Once again apologies for the lack of posting of late. I’ve been back to Britain visiting my 104-year-old father after his bad fall a few weeks back. The good news is he’s doing well, is back in his home, and learning the intricacies of manoeuvering a wheelchair through narrow spaces. He’s not quite ready yet for the grid at Silverstone, but given time…I’d not put anything past him!
My French Peugeot 407 performed very well in covering the one thousand or so miles of the round trip, but if I’m to spend more time in the UK I’m considering the purchase of a German motor car. I’ve noted that the plethora of BMWs, Mercedes, and Audis continually zooming past me at around 100mph in the outside lane of the British motorways, now have a special dispensation from the traffic police to travel at whatever speed they like without fear of speeding fines.
I consider this a nice gesture by the UK police force. After all, if you can afford one of these powerful, luxury, motors it’s only right you should be able to raise a finger to the rest of us poorer mortals legally bound to seventy miles an hour.
While on the subject of UK traffic, it’s an absolute delight to return to the roads of France where, certainly in Brittany, the motorways are relatively free of traffic, roadworks almost non-existent, and driving once more becomes the pleasure I remember it used to be in Britain back in the fifties and sixties.

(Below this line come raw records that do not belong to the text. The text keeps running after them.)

Section Cayley.
Variable gT : finGroupType.
Variables a b : gT.
Hypothesis abelG : abelian [set: gT].
Hypothesis a_neq_b : a != b.

Lemma mulgC (x y : gT) : x * y = y * x.
Proof. exact: (centsP abelG). Qed.

Definition h := a * b^-1.
Local Notation m := #[h].
Local Notation H := <[h]>.
Local Notation n := #|gT|.
Local Notation "P `_ j" := (nth 1 P j) : group_scope.

Local Notation takes_b := (takes_b b).

Lemma mul_b_h : b * h = a.
Proof. by rewrite /h mulgC mulgKV. Qed.

Lemma h_neq1 : h != 1.
Proof. by apply: contra a_neq_b => /eqP h1; rewrite -mul_b_h h1 mulg1. Qed.

Lemma order_h_gt1 : 1 < m.
Proof. by rewrite ltn_neqAle order_gt0 andbT eq_sym order_eq1 h_neq1. Qed.

Lemma invg_expg_h t : (h ^+ t)^-1 = h ^+ (m.-1 * t).
Proof.
apply: (@mulgI _ (h ^+ t)); rewrite mulgV -expgD -mulSn prednK ?order_gt0 //.
by rewrite expgM expg_order expg1n.
Qed.

Lemma b_eq : b = a * h ^+ m.-1.
Proof. by rewrite -(muln1 m.-1) -invg_expg_h expg1 -mul_b_h mulgK. Qed.

Lemma norm_H x : x \in 'N(H).
Proof. exact: subsetP (sub_abelian_norm abelG (subsetT _)) x (in_setT x). Qed.

(* G / H is cyclic, generated by the coset of a, which is also that of b. *)
Definition k := #[coset H a].

Lemma k_gt0 : 0 < k. Proof. exact: order_gt0. Qed.

Definition a_steps (x y : gT) (i : nat) := coset H (x^-1 * y) = coset H a ^+ i.

Lemma a_steps_refl x : a_steps x x 0.
Proof. by rewrite /a_steps mulVg morph1. Qed.

Lemma a_steps_trans x y z i j : a_steps x y i -> a_steps y z j -> a_steps x z (i + j).
Proof.
rewrite /a_steps expgD => <- <-.
by rewrite -morphM ?norm_H // mulgA mulgK.
Qed.

Lemma a_steps_mulh x t : a_steps x (x * h ^+ t) 0.
Proof. by rewrite /a_steps mulKg coset_id ?mem_cycle ?groupX ?cycle_id. Qed.

Lemma a_steps_mula x : a_steps x (x * a) 1.
Proof. by rewrite /a_steps mulKg expg1. Qed.

Lemma a_steps_mulb x : a_steps x (x * b) 1.
Proof.
rewrite b_eq mulgA; have := a_steps_trans (a_steps_mula x) (a_steps_mulh (x * a) m.-1).
by rewrite addn0.
Qed.

Lemma a_steps_mull g x y i : a_steps x y i -> a_steps (g * x) (g * y) i.
Proof. by rewrite /a_steps invMg mulgA mulgKV. Qed.

Lemma a_steps_mod x y i : a_steps x y i -> forall j, a_steps x y j <-> i = j %[mod k].
Proof.
rewrite /a_steps => -> j; split=> [/eqP | e]; first by rewrite eq_expg_mod_order => /eqP.
by apply/eqP; rewrite eq_expg_mod_order e.
Qed.

Lemma a_steps_same v x y i : a_steps v x i -> a_steps v y i -> a_steps x y 0.
Proof.
rewrite /a_steps expg0 => vx vy.
have -> : x^-1 * y = (v^-1 * x)^-1 * (v^-1 * y) by rewrite invMg invgK mulgA mulgK.
by rewrite morphM ?morphV ?norm_H ?groupV ?norm_H //= vx vy mulVg.
Qed.

Lemma a_steps0_mulh x y : a_steps x y 0 -> exists2 t, t < m & y = x * h ^+ t.
Proof.
rewrite /a_steps => /(coset_idr (norm_H _)) /cycleP [t et].
by exists (t %% m); rewrite ?ltn_pmod ?order_gt0 // expg_mod_order -et mulKVg.
Qed.

Lemma a_steps_lcoset v x i : a_steps v x i <-> x \in (v * a ^+ i) *: H.
Proof.
rewrite /a_steps mem_lcoset invMg -mulgA.
have cosetE : coset H ((a ^+ i)^-1 * (v^-1 * x)) = (coset H a ^+ i)^-1 * coset H (v^-1 * x).
  by rewrite morphM ?morphV ?morphX ?norm_H ?groupV ?norm_H.
split=> [e | /coset_id].
  by apply: (coset_idr (norm_H _)); rewrite cosetE e mulVg.
by rewrite cosetE => /(canRL (mulKg _)); rewrite mulg1 invgK.
Qed.

Section Layers.
Variable P : seq gT.
Hypothesis hP : ham_path a b P.

(* x h b = x a, and distinct non-terminal vertices have distinct successors *)
Lemma takes_a_mulh x :
  x != terminal P -> x * h != terminal P -> ~~ takes_b P x -> ~~ takes_b P (x * h).
Proof.
move=> xn xhn xa; apply/negP => xhb.
have := succ_vtxE hP xn; have := succ_vtxE hP xhn; rewrite (negbTE xa) xhb.
rewrite -mulgA (mulgC h) mul_b_h => xh_a x_a.
have := succ_vtx_inj hP xhn xn (etrans xh_a (esym x_a)).
by rewrite -{2}[x]mulg1 => /mulgI/eqP; apply/negP/h_neq1.
Qed.

Definition layer x := index x P %% k.

Lemma a_steps_nth j : j < n -> a_steps P`_0 P`_j j.
Proof.
elim: j => [|j IH] jn; first exact: a_steps_refl.
have [_ _ /(_ j jn)] := ham_pathP hP; rewrite -addn1 /cay_arc.
by case/orP=> /eqP->; apply: a_steps_trans (IH (ltnW jn)) _;
  [apply: a_steps_mula | apply: a_steps_mulb].
Qed.

Lemma layerP x i : a_steps P`_0 x i <-> layer x = i %% k.
Proof.
have modP := a_steps_mod (a_steps_nth (index_ham_lt hP x)); rewrite (nth_index_ham hP) in modP.
by split=> [/modP | /modP].
Qed.

Lemma a_steps_layer x : a_steps P`_0 x (layer x).
Proof. by apply/layerP; rewrite modn_mod. Qed.

Lemma layer_lt x : layer x < k.
Proof. by rewrite ltn_pmod ?k_gt0. Qed.

Lemma layer_a_steps x y i : a_steps x y i -> layer y = (layer x + i) %% k.
Proof. by move=> xy; apply/layerP/(a_steps_trans (a_steps_layer x)). Qed.

Lemma layer_mula x : layer (x * a) = (layer x).+1 %% k.
Proof. by rewrite (layer_a_steps (a_steps_mula x)) addn1. Qed.

Lemma layer_mulb x : layer (x * b) = (layer x).+1 %% k.
Proof. by rewrite (layer_a_steps (a_steps_mulb x)) addn1. Qed.

Lemma layer_mulh x t : layer (x * h ^+ t) = layer x.
Proof. by rewrite (layer_a_steps (a_steps_mulh x t)) addn0 modn_small ?layer_lt. Qed.

Lemma layer_nth j : j < n -> layer P`_j = j %% k.
Proof. by move=> jn; rewrite /layer (index_nth_ham hP). Qed.

Lemma same_layer x y : layer x = layer y -> exists2 t, t < m & y = x * h ^+ t.
Proof.
move=> xy; apply: a_steps0_mulh; apply: (a_steps_same (a_steps_layer x)).
by rewrite xy; apply: a_steps_layer.
Qed.

Lemma card_layer_split (q : pred gT) :
  #|[pred x | q x]| = \sum_(i < k) #|[pred x | (layer x == i) && q x]|.
Proof.
rewrite -sum1_card (partition_big (fun x => Ordinal (layer_lt x)) xpredT) //=.
apply: eq_bigr => i _; rewrite -sum1_card; apply: eq_bigl => x.
by rewrite !inE -val_eqE andbC.
Qed.

Lemma card_layer i : i < k -> #|[pred x | layer x == i]| = m.
Proof.
move=> ik; rewrite -[m](card_lcoset _ (P`_0 * a ^+ i)); apply: eq_card => x.
by rewrite inE; apply/eqP/idP => [xi | /a_steps_lcoset/layerP->];
  [apply/a_steps_lcoset/layerP; rewrite modn_small | rewrite modn_small].
Qed.

Lemma card_gT_eq : n = (k * m)%N.
Proof.
rewrite (@eq_card _ _ [pred x | predT x]) // (card_layer_split predT).
rewrite (eq_bigr (fun=> m)) ?sum_nat_const ?card_ord //.
by move=> i _; rewrite -(card_layer (ltn_ord i)); apply: eq_card => x; rewrite !inE andbT.
Qed.

Lemma k_le_n : k <= n.
Proof. by rewrite card_gT_eq leq_pmulr ?order_gt0. Qed.

Lemma layer_terminal : layer (terminal P) = k.-1.
Proof.
have k_gt0 := k_gt0; have m_gt1 := order_h_gt1.
rewrite /terminal (ham_size hP) layer_nth ?prednK ?(card_gT_gt0 gT) // card_gT_eq.
have -> : (k * m).-1 = (m.-1 * k + k.-1)%N by nia.
by rewrite modnMDl modn_small // prednK.
Qed.

Lemma neq_terminal_layer x : layer x != k.-1 -> x != terminal P.
Proof. by apply: contra => /eqP->; rewrite layer_terminal. Qed.

Lemma takes_a_mulhX z t : layer z != k.-1 -> ~~ takes_b P z -> ~~ takes_b P (z * h ^+ t).
Proof.
move=> zl za; elim: t => [|t IH]; first by rewrite mulg1.
rewrite expgSr mulgA; apply: takes_a_mulh => //; apply: neq_terminal_layer.
  by rewrite layer_mulh.
by rewrite -mulgA -expgSr layer_mulh.
Qed.

Lemma takes_b_mulhX z t : layer z != k.-1 -> takes_b P (z * h ^+ t) = takes_b P z.
Proof.
move=> zl; case zb: (takes_b P z); last exact/negbTE/takes_a_mulhX/negbT.
apply/negPn/negP => zt_a.
have := takes_a_mulhX (m.-1 * t) _ zt_a; rewrite layer_mulh => /(_ zl).
by rewrite -mulgA -invg_expg_h mulgV mulg1 zb.
Qed.

Definition layer_step i := takes_b P P`_i.

Lemma takes_b_layer x : layer x < k.-1 -> takes_b P x = layer_step (layer x).
Proof.
move=> xl; have xn : layer x < n by apply: leq_trans (layer_lt x) k_le_n.
have [t _ xE] : exists2 t, t < m & x = P`_(layer x) * h ^+ t.
  by apply: same_layer; rewrite layer_nth // modn_small ?layer_lt.
by rewrite {1}xE takes_b_mulhX // layer_nth // modn_small ?layer_lt // neq_ltn xl.
Qed.

Lemma terminal_mulh_neq t : 0 < t < m -> terminal P * h ^+ t != terminal P.
Proof.
case/andP=> t0 tm; rewrite -{2}[terminal P]mulg1 (inj_eq (mulgI _)) -order_dvdn.
by apply/negP => /(dvdn_leq t0); rewrite leqNgt tm.
Qed.

Definition last_b := count (fun t => takes_b P (terminal P * h ^+ t)) (iota 1 m.-1).

Lemma takes_b_last t : 0 < t < m -> takes_b P (terminal P * h ^+ t) = (t <= last_b).
Proof.
have m_gt1 := order_h_gt1; move=> tm.
have -> : (t <= last_b) = (t < 1 + last_b) by rewrite add1n ltnS.
apply: (count_iota_antitone (f := fun t => takes_b P (terminal P * h ^+ t))).
  move=> u u1 um; apply: contraTT; rewrite expgSr mulgA.
  by apply: takes_a_mulh; rewrite -?mulgA -?expgSr terminal_mulh_neq //; lia.
by rewrite add1n prednK //; lia.
Qed.

Lemma last_layerP x :
  layer x = k.-1 -> x != terminal P -> exists2 s, 0 < s < m & x = terminal P * h ^+ s.
Proof.
rewrite -layer_terminal => /esym/same_layer[s sm xE] xn.
by exists s; rewrite // sm andbT lt0n; apply: contraNneq xn => s0; rewrite xE s0 mulg1.
Qed.

Definition b_layers := \sum_(i < k.-1) layer_step i.

Lemma b_layers_le : b_layers <= k.-1.
Proof.
rewrite -[X in _ <= X]card_ord -sum1_card.
by apply: leq_sum => i _; case: layer_step.
Qed.

Lemma last_b_le : last_b <= m.-1.
Proof. by rewrite /last_b (leq_trans (count_size _ _)) ?size_iota. Qed.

The British road system has reached virtual gridlock. Long stretches of motorway are restricted by seemingly never-ending roadworks. Motorists are told these highways are being converted to SMART motorways, no doubt to convince drivers that in years to come, when it’s all finally completed, there’ll be ample space for all and Britain will again become a motorist’s utopia.
Frankly it all smacks of another of Boris Johnson’s tall tales, given that all they’re doing is converting the hard shoulder into a fourth carriageway. Presumably, some glib civil servant has decided that as vehicles are more reliable than fifty years ago, and given four lanes, there’ll no longer be any accidents so the hard shoulder won’t now be required for its originally designated purpose. Anyway, the police and emergency services can always abseil down from a helicopter, if required.
It’s time for a new law in the UK forcing supermarkets to provide ear plugs to all their customers. Having frequented both Morrisons and Tescos during my time in the country I was appalled by the noise levels in these emporiums. Given the sheer volume being produced by children screaming and running wildly around the aisles…
…coupled with an even louder cacophony emanating from parental throats, as they try vainly to control their offspring’s outbursts, and all homogenised with some off-key pop singer plus band blaring out of the speakers above their heads, it must have the guy running the hearing aid centre down the other end of the mall rubbing his hands with glee.
In one branch of Tescos I asked the young man at the cash desk how he put up with the incessant racket. He leaned closer towards me and shouted, “Pardon!” I made a gesture indicating, “Don’t bother,” and trundled my cart rapidly out the store.
Back in France I needed groceries and headed for the local Leclerc superstore. It’s on par with a Tesco or Asda. There, I found peace. The children walked quietly alongside their parents, the smaller ones sat silently in their cart seats observing the activities around them. There was no music blaring; no kids loudly demanding the latest toy or sweet and screaming blue murder when denied. Shopping in France is a pleasant experience, after which one does not require two hours in bed with an ice-pack.
I lived in Britain for over fifty years. I left it seventeen years ago to live in America. While I’m no fan of the United States, the UK is now bottom of the list when it comes to traffic gridlock, spoiled, badly behaved children, and over-testosterone-fuelled, self-centred individuals with way too much money, tear-arsing around in expensive German automobiles.
France has much to teach the British. What a pity they voted Brexit and decided to go it alone. Still, on second thoughts, Europe may well be better off without them.